A self contained, non descructive, way to help you understand your activity data.
You'll need a folder of your data files, for now put it in a folder like export_1.
Eventually and optionally you can add in some some api keys or a spreadsheet.
Ask Strava for a dump. Get it! It will contain a bunch of things including an activities folder with the following filetyles:
.fit.gz .gpx .tcx.gz .gpx.gz
It should be named export_123455 (your user id). Put it in this folder folder.
# Ensure you have a spreadsheet at ~/Documents/exerciselog.xlsx
git clone [email protected]:ckdake/fitler.git
# Open in VS Code as a devcontainer and wait for boot.
pip3 install .
python3 scripts/doit.py
sqlite3 metadata.sqlite3
.headers on
.mode csv
.output metadata.csv
SELECT date,activity_type,location_name,city,state,temperature,equipment,duration_hms,max_speed,avg_heart_rate,max_heart_rate,calories,max_elevation,total_elevation_gain,with_names,avg_cadence,strava_id,garmin_id,ridewithgps_id,notes from ActivityMetadata where source="Main";
.quit
* Write some tests...
* Build a config object and load it from JSON. Which sources are active and which one is primary, and what "rules" are in place. e.g.:
** Spreadsheet is at PATH, and is "primary"

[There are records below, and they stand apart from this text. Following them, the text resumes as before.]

Lemma uf_parity (p : (nat -> Prop) -> Prop) (f : nat -> nat) :
  free_ultrafilter p -> exists b, p (fun x => odd (f x) = b).
Proof.
move=> p_free; case: (p_free) => [[_ _ _ /(_ (fun x => odd (f x) = true))]] [] pA _.
  by exists true.
by exists false; apply: (uf_mono p_free pA) => x /negP /negbTE.
Qed.

Section Selective.
Variable p : (nat -> Prop) -> Prop.
Hypothesis p_sel : selective p.

Let p_free : free_ultrafilter p. Proof. by case: p_sel. Qed.

Lemma selective_onto (h : nat -> nat) : (forall n, exists x, h x = n) ->
  (exists n, p (fun x => h x = n)) \/
  (exists B, p B /\ forall x x', B x -> B x' -> h x = h x' -> x = x').
Proof.
move=> h_onto; have fibres : is_partition (fun n x => h x = n).
  by split=> [|n m x ne_nm -> /ne_nm|x]; last exists (h x).
case: p_sel => _ /(_ _ fibres) [|[B [pB Bsel]]]; [by left | right].
exists B; split=> // x x' Bx Bx' hxx'; case: (Bsel (h x)) => x0 [_ x0_uniq].
by rewrite (x0_uniq x Bx erefl) (x0_uniq x' Bx' (esym hxx')).
Qed.

(* Glue [c] on one parity class to a bijection on the other, to get a surjection. *)
Lemma selective_const_or_inj (c : nat -> nat) :
  (exists n, p (fun x => c x = n)) \/
  (exists B, p B /\ forall x x', B x -> B x' -> c x = c x' -> x = x').
Proof.
have [b pb] := uf_parity id p_free.
pose h x := if odd x == b then c x else x./2.
have h_onto n : exists x, h x = n.
  exists ((~~ b) + n.*2)%N; rewrite /h oddD odd_double addbF.
  by case: b {pb h} => /=; rewrite ?add0n ?add1n /= ?doubleK ?uphalf_double.
case: (selective_onto h_onto) => [[n pn] | [B [pB h_inj]]].
  left; exists n; apply: (uf_mono p_free (uf_meet p_free pn pb)) => x [].
  by rewrite /h => <- ->; rewrite eqxx.
right; exists (fun x => B x /\ odd x = b); split; first exact: uf_meet.
by move=> x x' [Bx bx] [Bx' bx'] cxx'; apply: h_inj; rewrite // /h bx bx' eqxx.
Qed.

(* Selective ultrafilters are P-points: [c x] is the first [n] with [x] outside
   [X 0 /\ ... /\ X n], and [c] cannot be constant on a member of [p]. *)
Lemma selective_pseudo_intersection (X : nat -> nat -> Prop) :
  (forall n, p (X n)) ->
  exists Y, p Y /\ forall n, exists M, forall x, Y x -> ~ X n x -> x < M.
Proof.
move=> pX; pose Z n x := (forall i, i <= n -> X i x) /\ n <= x.
have pZ n : p (Z n).
  elim: n => [|n IH].
    apply: (uf_mono p_free (uf_meet p_free (pX 0) (uf_tail p_free 0))) => x [X0x _].
    by split=> // i; rewrite leqn0 => /eqP ->.
  apply: (uf_mono p_free (uf_meet p_free (uf_meet p_free IH (pX n.+1)) (uf_tail p_free n.+1))).
  move=> x [[[Xx _] Xn1x] le_x]; split=> // i.
  by rewrite leq_eqVlt ltnS => /orP [/eqP -> | /Xx].
pose c x := least (fun n => ~ Z n x).
have cP x : ~ Z (c x) x /\ forall m, ~ Z m x -> c x <= m.
  by apply: leastP; exists x.+1 => [[_]]; rewrite ltnn.
case: (selective_const_or_inj c) => [[n pn] | [B [pB c_inj]]].
  exfalso; apply: (uf_not_compl p_free (pZ n)).
  by apply: (uf_mono p_free pn) => x <-; apply: (cP x).1.
exists B; split=> // n.
pose sel i := epsilon (inhabits 0) (fun x => B x /\ c x = i).
exists (\max_(i < n.+1) (sel i).+1) => x Bx nXx.
have le_cx : c x <= n by apply: (cP x).2 => -[/(_ n (leqnn n))].
have [Bs cs] : B (sel (c x)) /\ c (sel (c x)) = c x.
  by apply: (epsilon_spec (inhabits 0) (fun z => B z /\ c z = c x)); exists x.
rewrite -(c_inj _ _ Bs Bx cs); exact: (leq_bigmax (Ordinal (le_cx : c x < n.+1))).
Qed.

End Selective.

Lemma not_RK_le_witness (q1 q2 : (nat -> Prop) -> Prop) (f : nat -> nat) :
  free_ultrafilter q1 -> free_ultrafilter q2 -> ~ RK_le q1 q2 ->
  exists A, q1 A /\ ~ q2 (fun n => A (f n)).
Proof.
move=> q1_free q2_free nRK; apply: NNPP => noA; apply: nRK; exists f => A; split.
  by move=> q1A; apply: NNPP => nq2A; apply: noA; exists A.
move=> q2A; apply: NNPP => nq1A; apply: noA; exists (fun n => ~ A n).
by split; [apply: uf_compl | exact: (uf_not_compl q2_free q2A)].
Qed.

(* Apply [not_RK_le_witness] to a selector of the partial inverse of [R]. *)
Lemma not_RK_le_rel (q1 q2 : (nat -> Prop) -> Prop) (Y : nat -> Prop)
    (R : nat -> nat -> Prop) :
  free_ultrafilter q1 -> free_ultrafilter q2 -> ~ RK_le q1 q2 ->
  (forall x1 x2 x', Y x1 -> Y x2 -> R x1 x' -> R x2 x' -> x1 = x2) ->
  exists A, q1 A /\ ~ q2 (fun x' => exists x, [/\ Y x, A x & R x x']).
Proof.
move=> q1_free q2_free nRK R_inj.
pose s x' := epsilon (inhabits 0) (fun x => Y x /\ R x x').
have [A [q1A nq2A]] := not_RK_le_witness s q1_free q2_free nRK.
exists A; split=> // q2A; apply: nq2A; apply: (uf_mono q2_free q2A) => x' [x [Yx Ax Rx]].
have [Ys Rs] : Y (s x') /\ R (s x') x'.
  by apply: (epsilon_spec (inhabits 0) (fun z => Y z /\ R z x')); exists x.
by rewrite /= (R_inj _ _ _ Ys Yx Rs Rx).
Qed.

(** * Linear independence over 2 *)

Definition ssum (J : Type) (T : choiceType) (s : seq J) (v : J -> {fset T}) : {fset T} :=
  \big[@symdiff T/fset0]_(i <- s) v i.

Lemma mem_symdiff (T : choiceType) (A B : {fset T}) x :
  (x \in symdiff A B) = (x \in A) (+) (x \in B).
Proof. by rewrite /symdiff !inE; case: (x \in A); case: (x \in B). Qed.

Lemma mem_ssum (J : Type) (T : choiceType) (s : seq J) (v : J -> {fset T}) x :
  (x \in ssum s v) = odd (count (fun i => x \in v i) s).
Proof.
elim: s => [|i s IH]; first by rewrite /ssum big_nil inE.
by rewrite /ssum big_cons mem_symdiff -/(ssum _ _) IH /= oddD; case: (x \in v i).
Qed.

Section SumSplit.
Variables (J T : Type).

Definition left_part (s : seq (J + T)) : seq J :=
  pmap (fun u => if u is inl j then Some j else None) s.
Definition right_part (s : seq (J + T)) : seq T :=
  pmap (fun u => if u is inr t then Some t else None) s.

Lemma count_sum_split (P : J + T -> bool) s :
  count P s = (count (fun j => P (inl j)) (left_part s)
                + count (fun t => P (inr t)) (right_part s))%N.
Proof. by elim: s => // -[j|t] s IH; rewrite /= IH; [rewrite addnA | rewrite addnCA]. Qed.

End SumSplit.

(* A vanishing combination of [h] and singletons of [W] makes a combination
   of [h] equal to the set of singletons used, which is a subset of [W]. *)
Lemma lin_indep_add_singletons (J T : choiceType) (D : J -> Prop)
    (h : J -> {fset T}) (W : {fset T}) :
  (forall s : seq J, uniq s -> s != [::] -> (forall j, j \in s -> D j) ->
     ~ ssum s h `<=` W) ->
  lin_indep (fun u : J + T => match u with inl j => D j | inr mu => mu \in W end)
            (fun u => match u with inl j => h j | inr mu => [fset mu] end).
Proof.
move=> no_comb S SD S_ne0; apply/negP => /eqP sum0.
pose s := left_part S; pose sR := right_part S.
have mem_s j : (j \in s) = (inl j \in S).
  by rewrite /s /left_part (@can2_mem_pmap _ _ _ inl) //; case.
have mem_sR t : (t \in sR) = (inr t \in S).
  by rewrite /sR /right_part (@can2_mem_pmap _ _ _ inr) //; case.
have mem_comb x : (x \in ssum s h) = (x \in sR).
  have := mem_ssum S (fun u => match u with inl j => h j | inr mu => [fset mu] end) x.
  rewrite -[ssum _ _]/(fsum S _) sum0 inE count_sum_split -/s -/sR oddD.
  have -> : count (fun t => x \in [fset t]) sR = count_mem x sR.
    by apply: eq_count => t /=; rewrite inE eq_sym.
  rewrite count_uniq_mem ?mem_ssum; last first.
    by apply: (@pmap_uniq _ _ _ inr); [case | exact: fset_uniq].
  by case: (odd _); case: (x \in sR).
case Es: s => [|j s'].
  case/fset0Pn: S_ne0 => -[j | mu] Su; first by move: (mem_s j); rewrite Su Es.
  by move: (mem_comb mu); rewrite Es mem_sR Su /ssum big_nil inE.
apply: (no_comb s); rewrite ?Es //.
- by rewrite -Es /s; apply: (@pmap_uniq _ _ _ inl); [case | exact: fset_uniq].
- by move=> i; rewrite -Es mem_s => /SD.
- by apply/fsubsetP => x; rewrite -Es mem_comb mem_sR => /SD.
Qed.
Lemma in_ball_refl l r x : 0 < r -> in_ball E l r x x.
Proof. intros Hr i _. rewrite sn_sub_diag. exact Hr. Qed.

Lemma in_ball_open l r x : is_open E (in_ball E l r x).
Proof.
  intros y Hy. destruct (list_margin (fun i => sn E i (vsub E y x)) r l Hy) as [r' [Hr' H']].
  exists l, r'. split; [exact Hr'|]. intros z Hz i Hi.
  pose proof (sn_sub_triangle i x y z). specialize (Hz i Hi). specialize (H' i Hi). lra.
Qed.

Lemma dual_vzero e : in_dual E e -> e (vzero E) = K0 k.
Proof.
  intros [Hadd _]. apply Kadd_idem. rewrite <- Hadd, vadd_vzero. reflexivity.
Qed.

Lemma dual_vopp e v : in_dual E e -> e (vopp E v) = Kopp k (e v).
Proof.
  intros He. apply Kadd_eq_K0. rewrite <- (proj1 He), vadd_vopp. apply dual_vzero, He.
Qed.

Lemma dual_vsub e a b : in_dual E e -> e (vsub E a b) = Ksub k (e a) (e b).
Proof.
  intros He. unfold vsub, Ksub. rewrite <- (dual_vopp e b He). apply (proj1 He).
Qed.

End LocallyConvexSpace.

(** * Weak and strong sequential convergence in a semi-Montel space *)

Section SemiMontel.
Variables (k : Kfield) (E : LCS k).
Hypotheses (HE : is_lcs E) (HM : semi_Montel E).
Variable G : (car E -> Kty k) -> Prop.
Hypotheses (HG : dual_subspace E G) (Hdet : determines_boundedness E G).

Lemma G_in_dual e : G e -> in_dual E e.
Proof. apply HG. Qed.

Lemma G_separates x v : (forall e, G e -> e x = e v) -> x = v.
Proof.
  intros H. apply (sn_sub_eq0 k E HE). intro i.
  set (z := vsub E x v).
  assert (Hz : forall e, G e -> e z = K0 k).
  { intros e Ge. unfold z. rewrite (dual_vsub k E HE) by (apply G_in_dual; auto).
    rewrite (H e Ge). apply Ksub_diag. }
  assert (Hline : is_bounded E (fun y => exists t, y = vscal E (KofR k t) z)).
  { apply Hdet. intros e Ge. exists 0. intros y [t ->].
    rewrite (proj1 (proj2 (G_in_dual e Ge))), Hz, Kmul_K0, Kabs_K0 by auto. lra. }
  destruct (Hline i) as [M HMz].
  destruct (Rle_lt_or_eq_dec _ _ (sn_ge0 k E HE i z)) as [Hpos|]; auto.
  (* the multiple of z of seminorm |M| + 1 escapes the bound M *)
  specialize (HMz (vscal E (KofR k ((Rabs M + 1) / sn E i z)) z) (ex_intro _ _ eq_refl)).
  rewrite (sn_vscal k E HE), Kabs_KofR, Rabs_right in HMz.
  - unfold Rdiv in HMz. rewrite Rmult_assoc, Rinv_l in HMz by lra.
    pose proof (Rle_abs M). lra.
  - apply Rle_ge. unfold Rdiv. apply Rmult_le_pos.
    + pose proof (Rabs_pos M); lra.
    + left; apply Rinv_0_lt_compat; lra.
Qed.

Definition cluster_along (u : nat -> car E) (S : nat -> Prop) (w : car E) : Prop :=
  forall l r, 0 < r -> forall K, exists n, (K <= n)%nat /\ S n /\ in_ball E l r w (u n).

Lemma cluster_along_exists (u : nat -> car E) (S : nat -> Prop) :
  (forall e, G e -> exists M, forall n, Kabs k (e (u n)) <= M) ->
  (forall K, exists n, (K <= n)%nat /\ S n) ->
  exists w, cluster_along u S w.
Proof.
  intros Hwb Hinf.
  set (A := fun y => exists n, S n /\ y = u n).
  assert (HA : is_bounded E A).
  { apply Hdet. intros e Ge. destruct (Hwb e Ge) as [M HMe]. exists M.
    intros y [n [_ ->]]. auto. }
  apply NNPP. intro Hnone.
  (* every point has a ball that the tail of u along S eventually avoids *)
  assert (Havoid : forall w, exists l r K, 0 < r /\
            forall n, (K <= n)%nat -> S n -> ~ in_ball E l r w (u n)).
  { intro w. apply NNPP. intro H'. apply Hnone. exists w. intros l r Hr K.
    apply NNPP. intro H''. apply H'. exists l, r, K. split; auto.
    intros n Hn HS Hb. apply H''. eauto. }
  set (C := fun U : car E -> Prop => exists w l r K, 0 < r /\ U = in_ball E l r w /\
            forall n, (K <= n)%nat -> S n -> ~ in_ball E l r w (u n)).
  destruct (HM A HA C) as [L [HLC HLcov]].
  - intros U [w [l [r [K [_ [-> _]]]]]]. apply (in_ball_open k E HE).
  - intros x _. destruct (Havoid x) as [l [r [K [Hr HK]]]]. exists (in_ball E l r x).
    split; [exists x, l, r, K; auto|apply (in_ball_refl k E HE); auto].
  - assert (HK : exists K, forall U, In U L -> forall n, (K <= n)%nat -> S n -> ~ U (u n)).
    { clear HLcov. induction L as [|U0 L IH].
      - exists 0%nat. intros U [].
      - destruct IH as [K1 HK1]; [intros; apply HLC; simpl; auto|].
        destruct (HLC U0 (or_introl eq_refl)) as [w [l [r [K0 [_ [-> HK0]]]]]].
        exists (max K0 K1). intros U [HU|HU] n Hn; [subst U|].
        + apply HK0. lia.
        + apply HK1; auto. lia. }
    destruct HK as [K HK]. destruct (Hinf K) as [n [Hn HS]].
    destruct (HLcov (u n)) as [U [HU HUn]].
    + intros l r Hr. exists (u n). split; [exists n; auto|apply (in_ball_refl k E HE); auto].
    + exact (HK U HU n Hn HS HUn).
Qed.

** Strava is active, add strava_id to "primary", add "name" from strava to "notes" in primary, add "equipment" from "primary" to RidewithGPS
** RidewithGPS is active, add ridewithgps_id to "primary", add "notes" from primary to "name" in RidewithGPS, add "equipment" from "primary" to RidewithGPS
* Get everything out of gpx files: https://pypi.org/project/gpxpy/ (basics are in, need to fill out metadata, add more fields to db!)
* Get everything out of tcx files: https://pypi.org/project/python-tcxparser/ (basics are in, need to fill out metadata, add more fields to db!)
* Get everything out of fit files: https://github.com/dtcooper/python-fitparse/ (basics are in, need to fill out metadata, add more fields to db!)
* Get everything out of KML files: https://pypi.org/project/pykml/
* Get everything out of a spreadsheet with headers: https://pypi.org/project/openpyxl/ (basics are in, work better with headers)
* Store everything in KM and s per all the filespecs (instead of conversions to mph/miles/etc)
* Correctly use a datetime with tz information as start time and primary index
* Output as all fit (lib already included)
* Output as all tcx (lib already included)
* Output as all gpx (lib already included)
* Output as all kml (lib already included)
* Output as all geojson: https://pypi.org/project/geojson/
* Correlate each entry with Strava API: https://pypi.org/project/stravaio/ (basics of pulling are in, need to figure out pulling all and matching, add more fields to db, what about writing? Updating Name based on authoritative? CK strava has some old janky names)
* Correlate each entry with RidewithGPS API: Needs an open source python client lib! https://ridewithgps.com/api
* Correlate each entry with Garmin: https://pypi.org/project/garminconnect/
* Load files from S3 bucket or somewhere else instead of local: https://pypi.org/project/boto3/
* use multiprocessing to spin off workers for individual file parsing, as well as doing each API in parallel: https://docs.python.org/3/library/multiprocessing.html#module-multiprocessing
* cache things and use shas to know when files have been processed into cache
* Can we get whoop scores for each one? (via Habitdash export?)
* What is in TrainingPeaks?
* What is in Wandrer.earth?
* What about the weather?
* What about choochoo?
* What else?
PRs that help achieve these goals welcome!